Keywords: Alzheimer disease, amyloid-β (Aβ), atomic force microscopy (AFM), oligomerization, protein aggregation, protein-protein interaction, nuclear magnetic resonance (NMR), D-enantiomeric peptides, density gradient ultracentrifugation (DGC), prion protein
Introduction
Alzheimer's disease (AD) 2 is the most common cause of dementia in the elderly population. One of its hallmarks is the accumulation of extracellular neuritic plaques consisting mainly of fibrillar β-amyloid (Aβ) peptide (1). Initially, these plaques were thought to be the toxic species in AD, but several lines of evidence now indicate that the levels of soluble oligomeric forms of Aβ (Aβoligo) correlate best with the neurotoxic effects observed during AD (2, 3).
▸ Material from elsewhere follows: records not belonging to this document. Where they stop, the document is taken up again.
(* Let $\alpha\ge0$ and $n>\alpha$. Let $B_r$ be the event that $\mathscr{G}(n,\alpha/n)$ has no connected component with more than $r$ vertices and let $L$ be the event that all connected components of $\mathscr{G}(n,\alpha/n)$ are trees. Then for all $r\ge1$, \[ P_{n,\alpha}(B_r)\le P_{n,\alpha}(L)\Bigl(1-\frac{\alpha}{n}\Bigr)^{-\frac12 rn}. \]
   Context: $\mathscr{G}(n,p)$ is the random graph on vertex set $\{1,\dots,n\}$ in which each of the $\binom n2$ unordered pairs is an edge independently with probability $p$; here $p=\alpha/n$, and $P_{n,\alpha}$ is the corresponding probability measure. *)

From HB Require Import structures.
From mathcomp Require Import all_boot all_order all_algebra.
From mathcomp Require Import boolp reals exp.
Set Implicit Arguments. Unset Strict Implicit. Unset Printing Implicit Defensive.
Import Order.TTheory GRing.Theory Num.Theory.
Local Open Scope ring_scope.

(* A simple graph on vertex set 'I_n (= {1..n} shifted) is a set of
   unordered pairs, i.e. a subset of [pairs n]. *)
Definition pairs (n : nat) : {set {set 'I_n}} := [set e : {set 'I_n} | #|e| == 2%N].

Definition is_graph (n : nat) (E : {set {set 'I_n}}) : bool := E \subset pairs n.

Definition adj (n : nat) (E : {set {set 'I_n}}) : rel 'I_n :=
  fun x y => [set x; y] \in E.

Definition component (n : nat) (E : {set {set 'I_n}}) (v : 'I_n) : {set 'I_n} :=
  [set w | connect (adj E) v w].

Definition graph_cycle (n : nat) (E : {set {set 'I_n}}) (s : seq 'I_n) : bool :=
  [&& uniq s, (3 <= size s)%N & cycle (adj E) s].

(* the component of v is a tree: it is connected (by construction) and
   contains no cycle *)
Definition component_is_tree (n : nat) (E : {set {set 'I_n}}) (v : 'I_n) : Prop :=
  forall s : seq 'I_n, all (fun w => w \in component E v) s -> ~~ graph_cycle E s.

Definition event_B (n r : nat) (E : {set {set 'I_n}}) : Prop :=
  forall v : 'I_n, (#|component E v| <= r)%N.

Definition event_L (n : nat) (E : {set {set 'I_n}}) : Prop :=
  forall v : 'I_n, component_is_tree E v.

Definition Pgnp {R : realFieldType} (n : nat) (p : R)
  (A : {set {set 'I_n}} -> Prop) : R :=
  \sum_(E : {set {set 'I_n}} | is_graph E && `[< A E >])
     p ^+ #|E| * (1 - p) ^+ (#|pairs n| - #|E|).
Arguments Pgnp {R} n p A.

From HB Require Import structures.
From mathcomp Require Import all_boot all_order all_algebra.
From mathcomp Require Import boolp reals exp.
From mathcomp Require Import zify.
Import Order.TTheory GRing.Theory Num.Theory.
Set Implicit Arguments. Unset Strict Implicit. Unset Printing Implicit Defensive.

(* Send every graph E to a spanning forest F of E, an edge-minimal subgraph with the same
   components: F is acyclic because removing an edge of a cycle does not change the components.
   E lies between F and the set U of all pairs inside components of F, and summing the weight
   p^|E| q^(N - |E|), q = 1 - p, over that interval gives p^|F| q^(N - |U|), the weight of F times
   q^-|U :\: F|. If no component has more than r vertices, then |U| <= rn/2, and summing over the
   forests F yields the bound. *)

Section Graphs.
Variable n : nat.
Implicit Types E F : {set {set 'I_n}}.

Lemma adj_sym E : symmetric (adj E).
Proof. by move=> x y; rewrite /adj setUC. Qed.

Lemma adj_setD1 E e a b : adj E a b -> [set a; b] != e -> adj (E :\ e) a b.
Proof. by rewrite /adj !inE => -> ->. Qed.

Lemma connect_adj_subset F E :
  F \subset E -> subrel (connect (adj F)) (connect (adj E)).
Proof. by move=> FE; apply: connect_sub => a b ab; apply/connect1/(subsetP FE). Qed.

Definition same_components F E := [forall v, component F v == component E v].

Lemma same_componentsP F E :
  reflect (component F =1 component E) (same_components F E).
Proof. by apply: (iffP forallP) => h v; apply/eqP. Qed.

Lemma same_components_trans F G E :
  same_components F G -> same_components G E -> same_components F E.
Proof.
move=> /same_componentsP h1 /same_componentsP h2.
by apply/same_componentsP => v; rewrite h1.
Qed.

Lemma same_components_subset F E : F \subset E ->
  (forall a b, adj E a b -> connect (adj F) a b) -> same_components F E.
Proof.
move=> FE hE; apply/same_componentsP => x; apply/setP => y; rewrite !inE.
by apply/idP/idP; [apply: connect_adj_subset | apply: connect_sub].
Qed.

Lemma connect_cycle_detour E s0 s1 t0 t : graph_cycle E [:: s0, s1, t0 & t] ->
  connect (adj (E :\ [set s0; s1])) s1 s0.
Proof.
case/and3P => /= + _ /and3P[_ e1t pt].
rewrite !inE !negb_or => /and4P[/and3P[ne01 ne0t0 _] /andP[ne1t0 s1t] _ _].
have avoid c a b :
    c \in [set s0; s1] -> a != c -> b != c -> [set a; b] != [set s0; s1].
  move=> ce na nb; apply/eqP => eab; move: ce.
  by rewrite -eab !inE ![c == _]eq_sym (negbTE na) (negbTE nb).
apply/connectP; exists (t0 :: rcons t s0); last by rewrite /= last_rcons.
rewrite /= adj_setD1 ?(avoid s0) ?set21 1?eq_sym //=.
apply: (sub_in_path (P := predC1 s1)) pt => [a b /= na nb ab|].
  by rewrite adj_setD1 ?(avoid s1) ?set22.
rewrite /= all_rcons /= eq_sym ne1t0 ne01 /=.
by apply/allP => x xt; apply: contraNneq s1t => <-.
Qed.

Lemma graph_cycle_redundant_edge E s :
  graph_cycle E s -> exists2 e, e \in E & same_components (E :\ e) E.
Proof.
case: s => [|s0 [|s1 [|t0 t]]] cyc; try by case/and3P: cyc.
exists [set s0; s1]; first by case/and3P: cyc => _ _ /andP[].
apply: same_components_subset (subD1set _ _) _ => a b ab.
have [eab | neab] := eqVneq [set a; b] [set s0; s1]; last exact/connect1/adj_setD1.
have [-> | nab] := eqVneq a b; first exact: connect0.
have detour := connect_cycle_detour cyc.
have : (a \in [set s0; s1]) && (b \in [set s0; s1]) by rewrite -eab !inE !eqxx orbT.
rewrite !inE => /andP[/orP[]/eqP-> /orP[]/eqP->]; rewrite ?eqxx // in nab *.
by rewrite (sym_connect_sym (adj_sym _)).
Qed.

Definition spanning_forest E :=
  arg_min E (fun F => (F \subset E) && same_components F E) (fun F => #|F|).

Lemma spanning_forestP E :
  [/\ spanning_forest E \subset E, same_components (spanning_forest E) E &
      forall F, F \subset E -> same_components F E -> (#|spanning_forest E| <= #|F|)%N].
Proof.
rewrite /spanning_forest; case: arg_minnP => [|F /andP[FE sFE] minF].
  by rewrite subxx; apply/same_componentsP.
by split=> // G GE sGE; apply: minF; rewrite GE.
Qed.

Lemma spanning_forest_acyclic E : event_L (spanning_forest E).
Proof.
have [FE sFE minF] := spanning_forestP E.
move=> v s _; apply/negP => /graph_cycle_redundant_edge [e eF sFeF].
have := minF _ (subset_trans (subD1set _ e) FE) (same_components_trans sFeF sFE).
by rewrite (cardsD1 e) eF ltnn.
Qed.

Lemma component_spanning_forest E : component (spanning_forest E) =1 component E.
Proof. by have [_ /same_componentsP] := spanning_forestP E. Qed.

Lemma is_graph_spanning_forest E : is_graph E -> is_graph (spanning_forest E).
Proof. by have [FE _ _] := spanning_forestP E; apply: subset_trans. Qed.

Definition component_pairs F : {set {set 'I_n}} :=
  [set e in pairs n | [forall x in e, e \subset component F x]].

Lemma component_pairs_sub F : component_pairs F \subset pairs n.
Proof. by apply/subsetP => e; rewrite inE => /andP[]. Qed.

Lemma graph_sub_component_pairs E : is_graph E -> E \subset component_pairs E.
Proof.
move=> gE; apply/subsetP => e eE; have ep := subsetP gE _ eE.
rewrite inE ep; move: ep eE; rewrite inE => /cards2P[a [b [_ ->]]] ab.
apply/forall_inP => x xe; apply/subsetP => y ye; rewrite inE.
have ba : adj E b a by rewrite adj_sym.
by move: xe ye; rewrite !inE => /orP[]/eqP-> /orP[]/eqP->; rewrite ?connect0 ?connect1.
Qed.

Lemma component_pairs_same F E :
  same_components F E -> component_pairs F = component_pairs E.
Proof.
move/same_componentsP => h; apply/setP => e.
by rewrite !inE; under eq_forallb do rewrite h.
Qed.

Lemma card_component_pairs r F :
  event_B r F -> (#|component_pairs F| * 2 <= n * r)%N.
Proof.
move=> hB.
have -> : (#|component_pairs F| * 2 = \sum_(e in component_pairs F) \sum_(x in e) 1)%N.
  rewrite -sum_nat_const; apply: eq_bigr => e /(subsetP (component_pairs_sub F)).
  by rewrite inE sum1_card => /eqP.
have -> : (n * r = \sum_(x : 'I_n) r)%N by rewrite sum_nat_const card_ord.
rewrite (exchange_big_dep predT) //=; apply: leq_sum => x _.
rewrite sum1dep_card; apply: leq_trans (hB x).
apply: leq_trans (leq_imset_card (fun y => [set x; y]) _); apply: subset_leq_card.
apply/subsetP => e; rewrite !inE => /andP[/andP[/cards2P[a [b [_ ->]]]]].
move=> /forall_inP eC xe; apply/imsetP.
move: xe (eC _ xe) => /set2P[]-> /subsetP sub.
  by exists b; rewrite ?sub ?set22.
by exists a; rewrite ?sub ?set21 // setUC.
Qed.

End Graphs.

Local Open Scope ring_scope.

Lemma sum_subsets (R : comNzRingType) (T : finType) (p q : R) (D : {set T}) :
  \sum_(X : {set T} | X \subset D) p ^+ #|X| * q ^+ #|D :\: X| = (p + q) ^+ #|D|.
Proof.
have -> : (p + q) ^+ #|D| =
    \prod_i ((if i \in D then p else 0) + (if i \in D then q else 1)).
  by rewrite -prodr_const [LHS]big_mkcond; apply: eq_bigr => i _; case: ifP; rewrite ?add0r.
rewrite bigA_distr [RHS](bigID (fun X : {set T} => X \subset D)) /=.
rewrite [X in _ = _ + X]big1 ?addr0 => [|X XD]; last first.
  have [i /[!inE] /andP[iD iX]] : exists i, i \in X :\: D.
    by apply/set0Pn; rewrite setD_eq0.
  by rewrite (bigD1 i) //= iX (negbTE iD) mul0r.
apply: eq_bigr => X XD.
rewrite (bigID (mem X)) /=; congr (_ * _).
  by rewrite (eq_bigr (fun=> p)) ?prodr_const // => i iX; rewrite iX (subsetP XD).
rewrite -prodr_const [LHS]big_mkcond [RHS]big_mkcond; apply: eq_bigr => i _.
by rewrite !inE; case: (i \in X); case: (i \in D).
Qed.

Lemma sum_interval_weight (R : comNzRingType) (T : finType) (p q : R) (N : nat)
    (F U : {set T}) : F \subset U -> (#|U| <= N)%N ->
  \sum_(E : {set T} | (F \subset E) && (E \subset U)) p ^+ #|E| * q ^+ (N - #|E|)
  = p ^+ #|F| * q ^+ (N - #|U|) * (p + q) ^+ #|U :\: F|.
Proof.
move=> FU UN.
rewrite (reindex_onto (fun X => F :|: X) (fun E => E :\: F)) /=; last first.
  by move=> E /andP[FE _]; rewrite setDE setUIr setUCr setIT; apply/setUidPr.
rewrite (eq_bigl (fun X : {set T} => X \subset U :\: F)) => [|X]; last first.
  rewrite subsetUl subUset FU subsetD setDUl setDv set0U /=.
  by rewrite (sameP eqP setDidPl).
rewrite -sum_subsets big_distrr /=; apply: eq_bigr => X XUF.
move: (XUF); rewrite subsetD => /andP[XU dXF].
have cFX : #|F :|: X| = (#|F| + #|X|)%N.
  by rewrite cardsU disjoint_sym in dXF *; rewrite (disjoint_setI0 dXF) cards0 subn0.
have : (#|F :|: X| <= #|U|)%N by rewrite subset_leq_card // subUset FU.
rewrite cFX (cardsDS XUF) (cardsDS FU) => FXU.
have -> : (N - (#|F| + #|X|) = (N - #|U|) + (#|U| - #|F| - #|X|))%N by lia.
by rewrite !exprD mulrACA.
Qed.

Lemma ge1_expr_powRN (R : realType) (q x : R) (k : nat) :
  0 < q <= 1 -> k%:R <= x -> 1 <= q ^+ k * q `^ (- x).
Proof.
move=> /andP[q0 q1] kx; have qk0 : q ^+ k != 0 by rewrite expf_neq0 // gt_eqF.
rewrite -(mulfV qk0); apply: ler_wpM2l; first exact/exprn_ge0/ltW.
by rewrite -(powR_invn k (ltW q0)); apply: ger_powR; rewrite ?q0 // lerN2.
Qed.

Lemma spanning_forest_fiber_le (R : realType) (p : R) (n r : nat)
    (F : {set {set 'I_n}}) :
  0 <= p -> p < 1 ->
  \sum_(E | (is_graph E && `[< event_B r E >]) && (spanning_forest E == F))
      p ^+ #|E| * (1 - p) ^+ (#|pairs n| - #|E|)
  <= p ^+ #|F| * (1 - p) ^+ (#|pairs n| - #|F|) * (1 - p) `^ (- ((r * n)%:R / 2)).
Proof.
move=> p0 p1; set q := 1 - p; have q0 : 0 < q by rewrite subr_gt0.
have w0 m k : 0 <= p ^+ m * q ^+ k by rewrite mulr_ge0 ?exprn_ge0 // ltW.
case: (pickP [pred E | (is_graph E && `[< event_B r E >]) && (spanning_forest E == F)])
  => [E0 | fiber0]; last first.
  by rewrite big_pred0 // mulr_ge0 ?powR_ge0 ?w0.
move=> /andP[/andP[gE0 /asboolP BE0] /eqP <-] {F}.
set F := spanning_forest E0; set U := component_pairs F.
have BF : event_B r F by move=> v; rewrite component_spanning_forest.
have FU : F \subset U by apply/graph_sub_component_pairs/is_graph_spanning_forest.
have UN : (#|U| <= #|pairs n|)%N by apply/subset_leq_card/component_pairs_sub.
apply: (@le_trans _ _ (\sum_(E : {set {set 'I_n}} | (F \subset E) && (E \subset U))
                         p ^+ #|E| * q ^+ (#|pairs n| - #|E|))).
  rewrite [X in X <= _]big_mkcond [X in _ <= X]big_mkcond /=.
  apply: ler_sum => E _; case: ifP => [/andP[gE /eqP sfE]|_]; last by case: ifP => // _; apply: w0.
  have [FE sE _] := spanning_forestP E; rewrite sfE in FE sE.
  have EU : E \subset U.
    by rewrite /U (component_pairs_same sE) graph_sub_component_pairs //; case/andP: gE.
  by rewrite FE EU.
rewrite sum_interval_weight // subrKC expr1n mulr1 -mulrA ler_wpM2l ?exprn_ge0 //.
have -> : (#|pairs n| - #|F| = #|pairs n| - #|U| + #|U :\: F|)%N.
  by rewrite (cardsDS FU); move: (subset_leq_card FU) UN; lia.
rewrite exprD -mulrA -{1}[q ^+ _]mulr1 ler_wpM2l ?exprn_ge0 ?(ltW q0) //.
apply: ge1_expr_powRN; first by rewrite q0 lerBlDr lerDl.
rewrite ler_pdivlMr // -natrM ler_nat.
move: (card_component_pairs BF) (subset_leq_card (subsetDl U F)); rewrite -/U.
lia.
Qed.

Theorem lemma5p1 (R : realType) (alpha : R) (n r : nat)
  (halpha : 0 <= alpha) (hn : alpha < n%:R) (hr : (1 <= r)%N) :
  Pgnp n (alpha / n%:R) (event_B r)
  <= Pgnp n (alpha / n%:R) (@event_L n)
     * (1 - alpha / n%:R) `^ (- ((r * n)%:R / 2)).
Proof.
have n0 : 0 < n%:R :> R := le_lt_trans halpha hn.
have p0 : 0 <= alpha / n%:R by rewrite divr_ge0 // ltW.
have p1 : alpha / n%:R < 1 by rewrite ltr_pdivrMr // mul1r.
rewrite /Pgnp.
rewrite (partition_big (@spanning_forest n) (fun F => is_graph F && `[< event_L F >])).
  by rewrite big_distrl; apply: ler_sum => F _; apply: spanning_forest_fiber_le.
move=> E /andP[gE _]; rewrite is_graph_spanning_forest //=.
exact/asboolT/spanning_forest_acyclic.
Qed.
Many Aβ receptors have been described to date (4). One of them is the cellular prion protein (PrPC), which binds Aβoligo with nanomolar affinity (5–10). PrPC is a glycosylphosphatidylinositol (GPI)-anchored glycoprotein highly expressed in the brain. PrPC itself can misfold into the scrapie isoform PrPSc sporadically or after infection, leading to neuronal damage and disease such as the transmissible spongiform encephalopathies (11). The interaction of Aβoligo with PrPC bound to the metabotropic glutamate receptor 5 leads to toxic signaling across the cell membrane by activating intracellular Fyn kinase (12, 13). Fyn kinase phosphorylates N-methyl-d-aspartate (NMDA) receptors (14, 15) and alters NMDA receptor localization, leading to destabilization of dendritic spines (12). Furthermore, Fyn kinase hyperphosphorylates the tau protein, which assembles into neurofibrillary tangles, a further hallmark of AD (16). Hyperphosphorylation of tau depends on the Aβ–PrP interaction (17). Therefore, understanding the Aβ–PrP pathway will open new therapeutic strategies by targeting the Aβ–PrP interaction (18).
The binding regions of Aβoligo have been mapped to residues 23–27 and ∼95–110 in the N-terminal part of PrP (5, 19–22) (see Fig. 1A). Soluble N-terminal PrP fragments inhibit the assembly of Aβ into amyloid fibrils and block neurotoxic effects of soluble oligomers (20, 23), presumably by competing with membrane-anchored PrPC for Aβoligo. This competition might also explain the suggested neuroprotective function of the naturally produced soluble N1 fragment (amino acids 23–110/111) of PrP (24), which contains both Aβoligo-binding regions. The binding regions on Aβ, however, have not been identified so far and might constitute a specific conformational epitope of Aβoligo (21). All these data show that the Aβ–PrP interaction is a promising point of intervention to prevent the toxic signaling in AD.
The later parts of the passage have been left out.